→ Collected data
(* Let $\sigma$ be an erasing $k$-block substitution with $w_\epsilon\neq 1^k$ that satisfies the optimality condition. Then $f_\sigma:\mathbb I\to\mathbb I$ is surjective.
   Context: Notation: $\mathbb I=[0,1]$. $\{0,1\}^*$ and $\{0,1\}^\omega$ denote finite and infinite binary words, and $\epsilon$ is the empty word. For a finite or infinite word $w$, set $0.w=\sum_{i=1}^{|w|}w_i2^{-i}$. For $x\in(0,1]$, $\widetilde x\in\{0,1\}^\omega$ denotes the unique infinite binary expansion of $x$ that does not end in $0^\infty$. Fix $k\ge 2$. An erasing $k$-block substitution is a map $\sigma:\{0,1\}^k\to\{0,1\}^*$ with exactly one block $w_\epsilon$ satisfying $\sigma(w_\epsilon)=\epsilon$; all other blocks have nonempty images. The map $\sigma$ acts on infinite words (and on finite words of length a multiple of $k$) by cutting them into consecutive $k$-blocks and concatenating the images of the blocks. The induced interval map $f_\sigma:\mathbb I\to\mathbb I$ is defined by $f_\sigma(x)=0.\sigma(\widetilde x)$ if $x\in(0,1]$ and $\widetilde x\ne w_\epsilon^\infty$, and $f_\sigma(x)=0$ if $x=0$ or $\widetilde x=w_\epsilon^\infty$. Here $\sigma(\widetilde x)$ may be a finite word. Optimality condition (OC): every $w\in\{0,1\}^\omega$ can be written as an infinite concatenation $w=\prod_{i=1}^\infty\sigma(b_i)$ with blocks $b_i\in\{0,1\}^k$ satisfying $\sigma(b_i)\ne\epsilon$. *)

From Stdlib Require Import Reals Lra Lia List Arith ClassicalEpsilon.
From Coquelicot Require Import Coquelicot.
Open Scope R_scope.

Definition bit (b : bool) : R := if b then 1 else 0.

(* 0.u for a finite word u: sum_{i=1}^{|u|} u_i 2^{-i} *)
Fixpoint word_val (u : list bool) : R :=
  match u with
  | nil => 0
  | b :: u' => (bit b + word_val u') / 2
  end.

(* 0.w for an infinite word w: sum_{i>=1} w_i 2^{-i} (w indexed from 0) *)
Definition stream_val (w : nat -> bool) : R :=
  Series (fun n => bit (w n) / 2 ^ (S n)).

Fixpoint offset (u : nat -> list bool) (i : nat) : nat :=
  match i with
  | O => O
  | S i' => (offset u i' + length (u i'))%nat
  end.

(* 0.(u_0 u_1 u_2 ...) for the (finite or infinite) concatenation of the
   finite words u_i: the factor u_i occupies positions offset u i, ... *)
Definition concat_val (u : nat -> list bool) : R :=
  Series (fun i => word_val (u i) / 2 ^ (offset u i)).

Definition block (k : nat) (w : nat -> bool) (i : nat) : list bool :=
  map (fun j => w (i * k + j)%nat) (seq 0 k).

Definition sigma_val (k : nat) (sigma : list bool -> list bool)
  (w : nat -> bool) : R :=
  concat_val (fun i => sigma (block k w i)).

Definition is_tilde_expansion (x : R) (w : nat -> bool) : Prop :=
  (forall N, exists n, (N <= n)%nat /\ w n = true) /\ stream_val w = x.

(* tilde x: the (unique, for x in (0,1]) infinite expansion not ending in 0^oo *)
Definition tilde (x : R) : nat -> bool :=
  epsilon (inhabits (fun _ : nat => false)) (is_tilde_expansion x).

Definition is_periodic_word (k : nat) (u : list bool) (w : nat -> bool) : Prop :=
  forall n, w n = nth (n mod k) u false.

Definition erasing_block_subst (k : nat) (sigma : list bool -> list bool)
  (weps : list bool) : Prop :=
  (2 <= k)%nat /\ length weps = k /\ sigma weps = nil /\
  (forall b, length b = k -> sigma b = nil -> b = weps).

(* Induced interval map f_sigma (only values on [0,1] matter) *)
Definition f_sigma (k : nat) (sigma : list bool -> list bool)
  (weps : list bool) (x : R) : R :=
  if Req_EM_T x 0 then 0
  else if excluded_middle_informative (is_periodic_word k weps (tilde x)) then 0
  else sigma_val k sigma (tilde x).

Definition optimality_condition (k : nat) (sigma : list bool -> list bool) : Prop :=
  forall w : nat -> bool,
    exists b : nat -> list bool,
      (forall i, length (b i) = k /\ sigma (b i) <> nil) /\
      (forall i j, (j < length (sigma (b i)))%nat ->
         w (offset (fun i' => sigma (b i')) i + j)%nat = nth j (sigma (b i)) false).

From Stdlib Require Import Reals Lra Lia List ClassicalEpsilon FunctionalExtensionality.
From Coquelicot Require Import Coquelicot.
Open Scope R_scope.

(* For y = 0 take x = 0.  For y in (0,1] let w be a binary expansion of y
   (the greedy one).  The optimality condition writes w as
   sigma(b_0) sigma(b_1) ... with non-erased blocks b_i.  Interleaving the
   erased block gives the word v = b_0 w_eps b_1 w_eps ..., with
   sigma(v) = w and hence 0.sigma(v) = y.  Each b_i differs from w_eps, so
   each pair b_i w_eps contains a 1: v has infinitely many ones and is
   therefore the expansion tilde x of x = 0.v, and v <> w_eps^oo since its
   first block is b_0.  Hence f_sigma(x) = y. *)

(** * Binary expansions *)

Definition shift (n : nat) (w : nat -> bool) : nat -> bool := fun m => w (n + m)%nat.

Definition inf_ones (w : nat -> bool) : Prop :=
  forall N, exists n, (N <= n)%nat /\ w n = true.

Lemma bit_range b : 0 <= bit b <= 1.
Proof. destruct b; simpl; lra. Qed.

Lemma is_series_half_powers : is_series (fun n => / 2 ^ S n) 1.
Proof.
  assert (Hgeom := is_series_geom (/ 2) ltac:(rewrite Rabs_pos_eq; lra)).
  replace 1 with (/ 2 * / (1 - / 2)) by field.
  eapply is_series_ext; [| exact (is_series_scal_l (/ 2) _ _ Hgeom)].
  intro n. simpl. rewrite pow_inv. unfold scal; simpl; unfold mult; simpl.
  field. apply pow_nonzero; lra.
Qed.

Lemma digit_term_range w n : 0 <= bit (w n) / 2 ^ S n <= / 2 ^ S n.
Proof.
  pose proof (bit_range (w n)).
  assert (0 < / 2 ^ S n) by (apply Rinv_0_lt_compat, pow_lt; lra).
  unfold Rdiv. split; [apply Rmult_le_pos; lra|].
  rewrite <- (Rmult_1_l (/ 2 ^ S n)) at 2. apply Rmult_le_compat_r; lra.
Qed.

→ WHAT THE EXERCISE ASKS
Reproduce every record that appears above, keeping the wording exact.

→ EXERCISE RESULT
(* Let $\sigma$ be an erasing $k$-block substitution with $w_\epsilon\neq 1^k$ that satisfies the optimality condition. Then $f_\sigma:\mathbb I\to\mathbb I$ is surjective.
   Context: Notation: $\mathbb I=[0,1]$. $\{0,1\}^*$ and $\{0,1\}^\omega$ denote finite and infinite binary words, and $\epsilon$ is the empty word. For a finite or infinite word $w$, set $0.w=\sum_{i=1}^{|w|}w_i2^{-i}$. For $x\in(0,1]$, $\widetilde x\in\{0,1\}^\omega$ denotes the unique infinite binary expansion of $x$ that does not end in $0^\infty$. Fix $k\ge 2$. An erasing $k$-block substitution is a map $\sigma:\{0,1\}^k\to\{0,1\}^*$ with exactly one block $w_\epsilon$ satisfying $\sigma(w_\epsilon)=\epsilon$; all other blocks have nonempty images. The map $\sigma$ acts on infinite words (and on finite words of length a multiple of $k$) by cutting them into consecutive $k$-blocks and concatenating the images of the blocks. The induced interval map $f_\sigma:\mathbb I\to\mathbb I$ is defined by $f_\sigma(x)=0.\sigma(\widetilde x)$ if $x\in(0,1]$ and $\widetilde x\ne w_\epsilon^\infty$, and $f_\sigma(x)=0$ if $x=0$ or $\widetilde x=w_\epsilon^\infty$. Here $\sigma(\widetilde x)$ may be a finite word. Optimality condition (OC): every $w\in\{0,1\}^\omega$ can be written as an infinite concatenation $w=\prod_{i=1}^\infty\sigma(b_i)$ with blocks $b_i\in\{0,1\}^k$ satisfying $\sigma(b_i)\ne\epsilon$. *)

From Stdlib Require Import Reals Lra Lia List Arith ClassicalEpsilon.
From Coquelicot Require Import Coquelicot.
Open Scope R_scope.

Definition bit (b : bool) : R := if b then 1 else 0.

(* 0.u for a finite word u: sum_{i=1}^{|u|} u_i 2^{-i} *)
Fixpoint word_val (u : list bool) : R :=
  match u with
  | nil => 0
  | b :: u' => (bit b + word_val u') / 2
  end.

(* 0.w for an infinite word w: sum_{i>=1} w_i 2^{-i} (w indexed from 0) *)
Definition stream_val (w : nat -> bool) : R :=
  Series (fun n => bit (w n) / 2 ^ (S n)).

Fixpoint offset (u : nat -> list bool) (i : nat) : nat :=
  match i with
  | O => O
  | S i' => (offset u i' + length (u i'))%nat
  end.

(* 0.(u_0 u_1 u_2 ...) for the (finite or infinite) concatenation of the
   finite words u_i: the factor u_i occupies positions offset u i, ... *)
Definition concat_val (u : nat -> list bool) : R :=
  Series (fun i => word_val (u i) / 2 ^ (offset u i)).

Definition block (k : nat) (w : nat -> bool) (i : nat) : list bool :=
  map (fun j => w (i * k + j)%nat) (seq 0 k).

Definition sigma_val (k : nat) (sigma : list bool -> list bool)
  (w : nat -> bool) : R :=
  concat_val (fun i => sigma (block k w i)).

Definition is_tilde_expansion (x : R) (w : nat -> bool) : Prop :=
  (forall N, exists n, (N <= n)%nat /\ w n = true) /\ stream_val w = x.

(* tilde x: the (unique, for x in (0,1]) infinite expansion not ending in 0^oo *)
Definition tilde (x : R) : nat -> bool :=
  epsilon (inhabits (fun _ : nat => false)) (is_tilde_expansion x).

Definition is_periodic_word (k : nat) (u : list bool) (w : nat -> bool) : Prop :=
  forall n, w n = nth (n mod k) u false.

Definition erasing_block_subst (k : nat) (sigma : list bool -> list bool)
  (weps : list bool) : Prop :=
  (2 <= k)%nat /\ length weps = k /\ sigma weps = nil /\
  (forall b, length b = k -> sigma b = nil -> b = weps).

(* Induced interval map f_sigma (only values on [0,1] matter) *)
Definition f_sigma (k : nat) (sigma : list bool -> list bool)
  (weps : list bool) (x : R) : R :=
  if Req_EM_T x 0 then 0
  else if excluded_middle_informative (is_periodic_word k weps (tilde x)) then 0
  else sigma_val k sigma (tilde x).

Definition optimality_condition (k : nat) (sigma : list bool -> list bool) : Prop :=
  forall w : nat -> bool,
    exists b : nat -> list bool,
      (forall i, length (b i) = k /\ sigma (b i) <> nil) /\
      (forall i j, (j < length (sigma (b i)))%nat ->
         w (offset (fun i' => sigma (b i')) i + j)%nat = nth j (sigma (b i)) false).

From Stdlib Require Import Reals Lra Lia List ClassicalEpsilon FunctionalExtensionality.
From Coquelicot Require Import Coquelicot.
Open Scope R_scope.

(* For y = 0 take x = 0.  For y in (0,1] let w be a binary expansion of y
   (the greedy one).  The optimality condition writes w as
   sigma(b_0) sigma(b_1) ... with non-erased blocks b_i.  Interleaving the
   erased block gives the word v = b_0 w_eps b_1 w_eps ..., with
   sigma(v) = w and hence 0.sigma(v) = y.  Each b_i differs from w_eps, so
   each pair b_i w_eps contains a 1: v has infinitely many ones and is
   therefore the expansion tilde x of x = 0.v, and v <> w_eps^oo since its
   first block is b_0.  Hence f_sigma(x) = y. *)

(** * Binary expansions *)

Definition shift (n : nat) (w : nat -> bool) : nat -> bool := fun m => w (n + m)%nat.

Definition inf_ones (w : nat -> bool) : Prop :=
  forall N, exists n, (N <= n)%nat /\ w n = true.

Lemma bit_range b : 0 <= bit b <= 1.
Proof. destruct b; simpl; lra. Qed.

Lemma is_series_half_powers : is_series (fun n => / 2 ^ S n) 1.
Proof.
  assert (Hgeom := is_series_geom (/ 2) ltac:(rewrite Rabs_pos_eq; lra)).
  replace 1 with (/ 2 * / (1 - / 2)) by field.
  eapply is_series_ext; [| exact (is_series_scal_l (/ 2) _ _ Hgeom)].
  intro n. simpl. rewrite pow_inv. unfold scal; simpl; unfold mult; simpl.
  field. apply pow_nonzero; lra.
Qed.

Lemma digit_term_range w n : 0 <= bit (w n) / 2 ^ S n <= / 2 ^ S n.
Proof.
  pose proof (bit_range (w n)).
  assert (0 < / 2 ^ S n) by (apply Rinv_0_lt_compat, pow_lt; lra).
  unfold Rdiv. split; [apply Rmult_le_pos; lra|].
  rewrite <- (Rmult_1_l (/ 2 ^ S n)) at 2. apply Rmult_le_compat_r; lra.
Qed.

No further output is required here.